Write out, please, the lines from the beginning of the material to the line with "bound by c is", including both ends and nothing else.

::::::::

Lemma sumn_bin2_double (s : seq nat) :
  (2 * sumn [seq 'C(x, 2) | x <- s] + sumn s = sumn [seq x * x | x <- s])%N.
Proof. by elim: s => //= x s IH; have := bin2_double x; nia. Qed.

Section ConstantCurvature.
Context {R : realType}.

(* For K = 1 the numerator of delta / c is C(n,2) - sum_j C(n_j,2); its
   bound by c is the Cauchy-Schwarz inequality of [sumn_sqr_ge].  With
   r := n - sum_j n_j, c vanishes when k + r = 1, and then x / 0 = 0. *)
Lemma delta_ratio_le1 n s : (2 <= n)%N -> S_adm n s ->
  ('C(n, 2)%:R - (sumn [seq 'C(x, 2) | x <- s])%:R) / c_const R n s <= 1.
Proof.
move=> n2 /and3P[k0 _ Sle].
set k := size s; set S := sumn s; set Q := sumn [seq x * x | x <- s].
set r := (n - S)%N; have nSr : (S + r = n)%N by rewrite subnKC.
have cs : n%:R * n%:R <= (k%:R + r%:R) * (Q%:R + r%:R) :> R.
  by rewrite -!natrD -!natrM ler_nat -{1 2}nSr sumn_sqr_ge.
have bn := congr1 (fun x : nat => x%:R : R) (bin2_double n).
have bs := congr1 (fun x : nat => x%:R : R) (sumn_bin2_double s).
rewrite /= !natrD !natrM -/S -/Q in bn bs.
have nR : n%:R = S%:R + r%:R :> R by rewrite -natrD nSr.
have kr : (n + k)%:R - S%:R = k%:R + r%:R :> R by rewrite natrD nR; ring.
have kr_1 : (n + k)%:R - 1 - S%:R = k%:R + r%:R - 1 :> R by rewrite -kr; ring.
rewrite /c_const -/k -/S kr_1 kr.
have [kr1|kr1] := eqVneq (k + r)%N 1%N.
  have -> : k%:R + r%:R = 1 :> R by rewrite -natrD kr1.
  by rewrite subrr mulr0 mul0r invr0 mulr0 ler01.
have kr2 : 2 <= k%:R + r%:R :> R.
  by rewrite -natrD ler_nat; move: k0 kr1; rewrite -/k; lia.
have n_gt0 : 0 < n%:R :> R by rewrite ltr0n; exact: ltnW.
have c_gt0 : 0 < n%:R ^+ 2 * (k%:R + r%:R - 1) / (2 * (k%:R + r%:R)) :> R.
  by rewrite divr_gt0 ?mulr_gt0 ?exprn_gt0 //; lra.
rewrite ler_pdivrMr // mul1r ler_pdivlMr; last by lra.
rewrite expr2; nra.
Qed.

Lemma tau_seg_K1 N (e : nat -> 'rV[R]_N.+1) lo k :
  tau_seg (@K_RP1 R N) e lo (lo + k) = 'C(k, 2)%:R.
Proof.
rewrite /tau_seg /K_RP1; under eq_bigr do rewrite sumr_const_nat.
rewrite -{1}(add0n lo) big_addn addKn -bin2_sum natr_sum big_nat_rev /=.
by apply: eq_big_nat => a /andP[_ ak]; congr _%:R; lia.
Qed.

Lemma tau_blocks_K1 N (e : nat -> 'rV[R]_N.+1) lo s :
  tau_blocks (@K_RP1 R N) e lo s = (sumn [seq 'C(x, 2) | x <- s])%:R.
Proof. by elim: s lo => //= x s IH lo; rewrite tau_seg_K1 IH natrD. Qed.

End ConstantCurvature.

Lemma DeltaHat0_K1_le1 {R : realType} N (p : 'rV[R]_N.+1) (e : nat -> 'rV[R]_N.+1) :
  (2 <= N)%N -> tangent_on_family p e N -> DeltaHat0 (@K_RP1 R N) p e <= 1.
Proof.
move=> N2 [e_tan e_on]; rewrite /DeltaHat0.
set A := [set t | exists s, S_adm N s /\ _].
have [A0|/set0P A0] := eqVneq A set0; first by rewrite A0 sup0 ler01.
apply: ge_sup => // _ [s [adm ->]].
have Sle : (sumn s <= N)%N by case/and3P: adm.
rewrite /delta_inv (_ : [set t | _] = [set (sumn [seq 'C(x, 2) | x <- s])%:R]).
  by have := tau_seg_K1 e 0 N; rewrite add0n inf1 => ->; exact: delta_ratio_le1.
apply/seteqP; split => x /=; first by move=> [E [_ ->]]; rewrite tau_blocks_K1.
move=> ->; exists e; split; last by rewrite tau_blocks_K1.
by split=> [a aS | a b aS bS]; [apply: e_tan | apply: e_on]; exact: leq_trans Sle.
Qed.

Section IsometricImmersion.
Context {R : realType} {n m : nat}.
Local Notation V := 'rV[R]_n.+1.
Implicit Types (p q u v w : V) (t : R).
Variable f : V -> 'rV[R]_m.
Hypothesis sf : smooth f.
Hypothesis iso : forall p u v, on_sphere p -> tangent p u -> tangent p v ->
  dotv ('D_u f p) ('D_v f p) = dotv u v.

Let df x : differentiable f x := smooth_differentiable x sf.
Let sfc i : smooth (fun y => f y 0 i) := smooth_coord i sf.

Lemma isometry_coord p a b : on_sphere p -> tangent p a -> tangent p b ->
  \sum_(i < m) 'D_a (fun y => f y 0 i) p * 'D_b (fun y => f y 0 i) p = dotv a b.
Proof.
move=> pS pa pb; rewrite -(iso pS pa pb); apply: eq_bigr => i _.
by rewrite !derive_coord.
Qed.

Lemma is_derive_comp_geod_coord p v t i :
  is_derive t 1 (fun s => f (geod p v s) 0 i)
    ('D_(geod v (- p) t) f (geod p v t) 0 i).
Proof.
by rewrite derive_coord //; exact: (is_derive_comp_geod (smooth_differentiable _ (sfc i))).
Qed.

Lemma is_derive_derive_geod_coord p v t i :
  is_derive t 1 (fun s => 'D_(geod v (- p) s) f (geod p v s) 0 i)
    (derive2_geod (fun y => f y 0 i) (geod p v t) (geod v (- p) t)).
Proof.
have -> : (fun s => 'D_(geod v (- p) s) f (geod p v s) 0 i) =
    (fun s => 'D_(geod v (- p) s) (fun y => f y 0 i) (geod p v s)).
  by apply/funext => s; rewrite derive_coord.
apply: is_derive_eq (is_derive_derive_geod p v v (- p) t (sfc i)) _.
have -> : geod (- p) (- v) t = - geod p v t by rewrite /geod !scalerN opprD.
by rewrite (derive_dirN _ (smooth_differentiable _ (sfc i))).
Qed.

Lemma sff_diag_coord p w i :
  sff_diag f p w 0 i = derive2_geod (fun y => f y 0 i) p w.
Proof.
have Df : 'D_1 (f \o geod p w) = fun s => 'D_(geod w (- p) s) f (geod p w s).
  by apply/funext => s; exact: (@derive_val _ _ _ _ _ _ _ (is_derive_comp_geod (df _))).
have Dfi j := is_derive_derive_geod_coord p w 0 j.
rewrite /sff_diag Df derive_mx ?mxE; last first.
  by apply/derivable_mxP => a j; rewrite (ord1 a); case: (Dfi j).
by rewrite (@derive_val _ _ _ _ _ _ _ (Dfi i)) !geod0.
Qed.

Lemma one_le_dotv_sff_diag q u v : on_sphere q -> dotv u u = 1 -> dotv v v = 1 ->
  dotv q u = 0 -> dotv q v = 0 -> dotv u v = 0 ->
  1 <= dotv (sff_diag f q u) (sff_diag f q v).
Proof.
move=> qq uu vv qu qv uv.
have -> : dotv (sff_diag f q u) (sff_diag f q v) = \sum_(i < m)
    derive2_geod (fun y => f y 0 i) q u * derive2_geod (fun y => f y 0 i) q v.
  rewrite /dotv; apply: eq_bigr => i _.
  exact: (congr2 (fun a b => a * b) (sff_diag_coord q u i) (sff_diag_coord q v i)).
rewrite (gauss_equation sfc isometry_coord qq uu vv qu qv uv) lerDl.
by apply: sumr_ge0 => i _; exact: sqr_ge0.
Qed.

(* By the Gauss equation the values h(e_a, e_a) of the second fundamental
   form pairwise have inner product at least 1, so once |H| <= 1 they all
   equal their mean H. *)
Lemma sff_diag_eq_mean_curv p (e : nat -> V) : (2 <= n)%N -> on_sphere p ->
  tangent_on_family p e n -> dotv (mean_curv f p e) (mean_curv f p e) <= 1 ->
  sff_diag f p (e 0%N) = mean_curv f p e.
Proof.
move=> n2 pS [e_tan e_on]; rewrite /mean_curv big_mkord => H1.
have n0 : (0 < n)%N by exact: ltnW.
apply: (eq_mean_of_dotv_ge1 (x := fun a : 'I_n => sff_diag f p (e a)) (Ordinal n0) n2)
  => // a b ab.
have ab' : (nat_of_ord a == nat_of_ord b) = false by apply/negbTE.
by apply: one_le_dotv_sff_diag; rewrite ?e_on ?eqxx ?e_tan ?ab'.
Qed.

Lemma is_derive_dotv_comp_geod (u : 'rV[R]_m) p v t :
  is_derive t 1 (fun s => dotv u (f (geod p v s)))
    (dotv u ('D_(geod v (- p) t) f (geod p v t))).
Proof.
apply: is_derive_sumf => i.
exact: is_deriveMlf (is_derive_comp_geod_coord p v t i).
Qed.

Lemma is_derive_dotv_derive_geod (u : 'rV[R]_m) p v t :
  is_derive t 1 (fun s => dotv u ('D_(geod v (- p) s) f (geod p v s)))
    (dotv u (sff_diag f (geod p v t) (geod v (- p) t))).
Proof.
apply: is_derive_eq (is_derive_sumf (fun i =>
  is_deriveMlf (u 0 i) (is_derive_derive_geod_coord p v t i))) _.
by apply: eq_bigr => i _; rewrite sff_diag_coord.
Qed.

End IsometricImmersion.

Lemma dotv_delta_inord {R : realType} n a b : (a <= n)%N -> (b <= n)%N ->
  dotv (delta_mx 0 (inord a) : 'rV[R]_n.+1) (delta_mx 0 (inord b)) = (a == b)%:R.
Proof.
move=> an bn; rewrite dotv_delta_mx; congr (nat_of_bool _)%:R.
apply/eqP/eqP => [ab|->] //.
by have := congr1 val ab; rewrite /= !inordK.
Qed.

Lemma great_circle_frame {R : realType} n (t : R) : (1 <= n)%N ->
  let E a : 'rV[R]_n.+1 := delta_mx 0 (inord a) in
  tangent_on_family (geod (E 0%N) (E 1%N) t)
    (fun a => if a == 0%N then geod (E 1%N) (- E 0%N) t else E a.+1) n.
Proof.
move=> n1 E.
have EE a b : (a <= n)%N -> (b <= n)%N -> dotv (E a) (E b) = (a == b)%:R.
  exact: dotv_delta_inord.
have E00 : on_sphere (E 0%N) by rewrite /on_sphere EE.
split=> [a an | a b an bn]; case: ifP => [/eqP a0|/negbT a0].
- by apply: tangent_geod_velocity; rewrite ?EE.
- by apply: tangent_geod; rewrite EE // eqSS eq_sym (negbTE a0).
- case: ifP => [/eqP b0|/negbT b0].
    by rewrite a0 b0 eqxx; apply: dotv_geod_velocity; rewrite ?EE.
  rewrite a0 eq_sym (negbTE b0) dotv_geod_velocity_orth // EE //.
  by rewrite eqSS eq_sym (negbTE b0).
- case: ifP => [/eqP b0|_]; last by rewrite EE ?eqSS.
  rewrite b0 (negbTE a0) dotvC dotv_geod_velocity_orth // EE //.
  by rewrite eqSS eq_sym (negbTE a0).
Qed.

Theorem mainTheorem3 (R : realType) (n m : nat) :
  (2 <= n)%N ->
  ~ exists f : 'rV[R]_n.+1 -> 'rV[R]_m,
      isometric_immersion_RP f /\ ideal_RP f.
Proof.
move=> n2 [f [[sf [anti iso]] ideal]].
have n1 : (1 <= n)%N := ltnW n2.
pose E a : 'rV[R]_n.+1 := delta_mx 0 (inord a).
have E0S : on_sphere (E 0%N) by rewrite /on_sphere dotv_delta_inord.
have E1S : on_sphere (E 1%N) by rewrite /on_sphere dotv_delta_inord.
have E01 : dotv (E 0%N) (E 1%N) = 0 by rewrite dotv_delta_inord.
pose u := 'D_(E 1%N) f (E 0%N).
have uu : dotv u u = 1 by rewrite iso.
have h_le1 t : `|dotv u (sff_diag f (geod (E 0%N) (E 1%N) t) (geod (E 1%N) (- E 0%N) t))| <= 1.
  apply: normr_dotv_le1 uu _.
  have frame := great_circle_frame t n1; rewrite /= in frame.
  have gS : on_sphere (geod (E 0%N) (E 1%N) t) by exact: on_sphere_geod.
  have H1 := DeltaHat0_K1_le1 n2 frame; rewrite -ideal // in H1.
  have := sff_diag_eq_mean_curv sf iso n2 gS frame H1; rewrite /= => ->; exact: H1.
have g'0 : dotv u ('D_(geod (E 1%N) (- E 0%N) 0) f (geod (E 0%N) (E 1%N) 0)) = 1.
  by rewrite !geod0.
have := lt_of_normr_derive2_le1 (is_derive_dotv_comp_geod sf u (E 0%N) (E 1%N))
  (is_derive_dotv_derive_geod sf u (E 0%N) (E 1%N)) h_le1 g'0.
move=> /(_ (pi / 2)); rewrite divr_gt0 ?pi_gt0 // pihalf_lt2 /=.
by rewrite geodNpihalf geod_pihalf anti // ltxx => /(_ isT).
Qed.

::::::::

Answer space:
Lemma sumn_bin2_double (s : seq nat) :
  (2 * sumn [seq 'C(x, 2) | x <- s] + sumn s = sumn [seq x * x | x <- s])%N.
Proof. by elim: s => //= x s IH; have := bin2_double x; nia. Qed.

Section ConstantCurvature.
Context {R : realType}.

(* For K = 1 the numerator of delta / c is C(n,2) - sum_j C(n_j,2); its
   bound by c is the Cauchy-Schwarz inequality of [sumn_sqr_ge].  With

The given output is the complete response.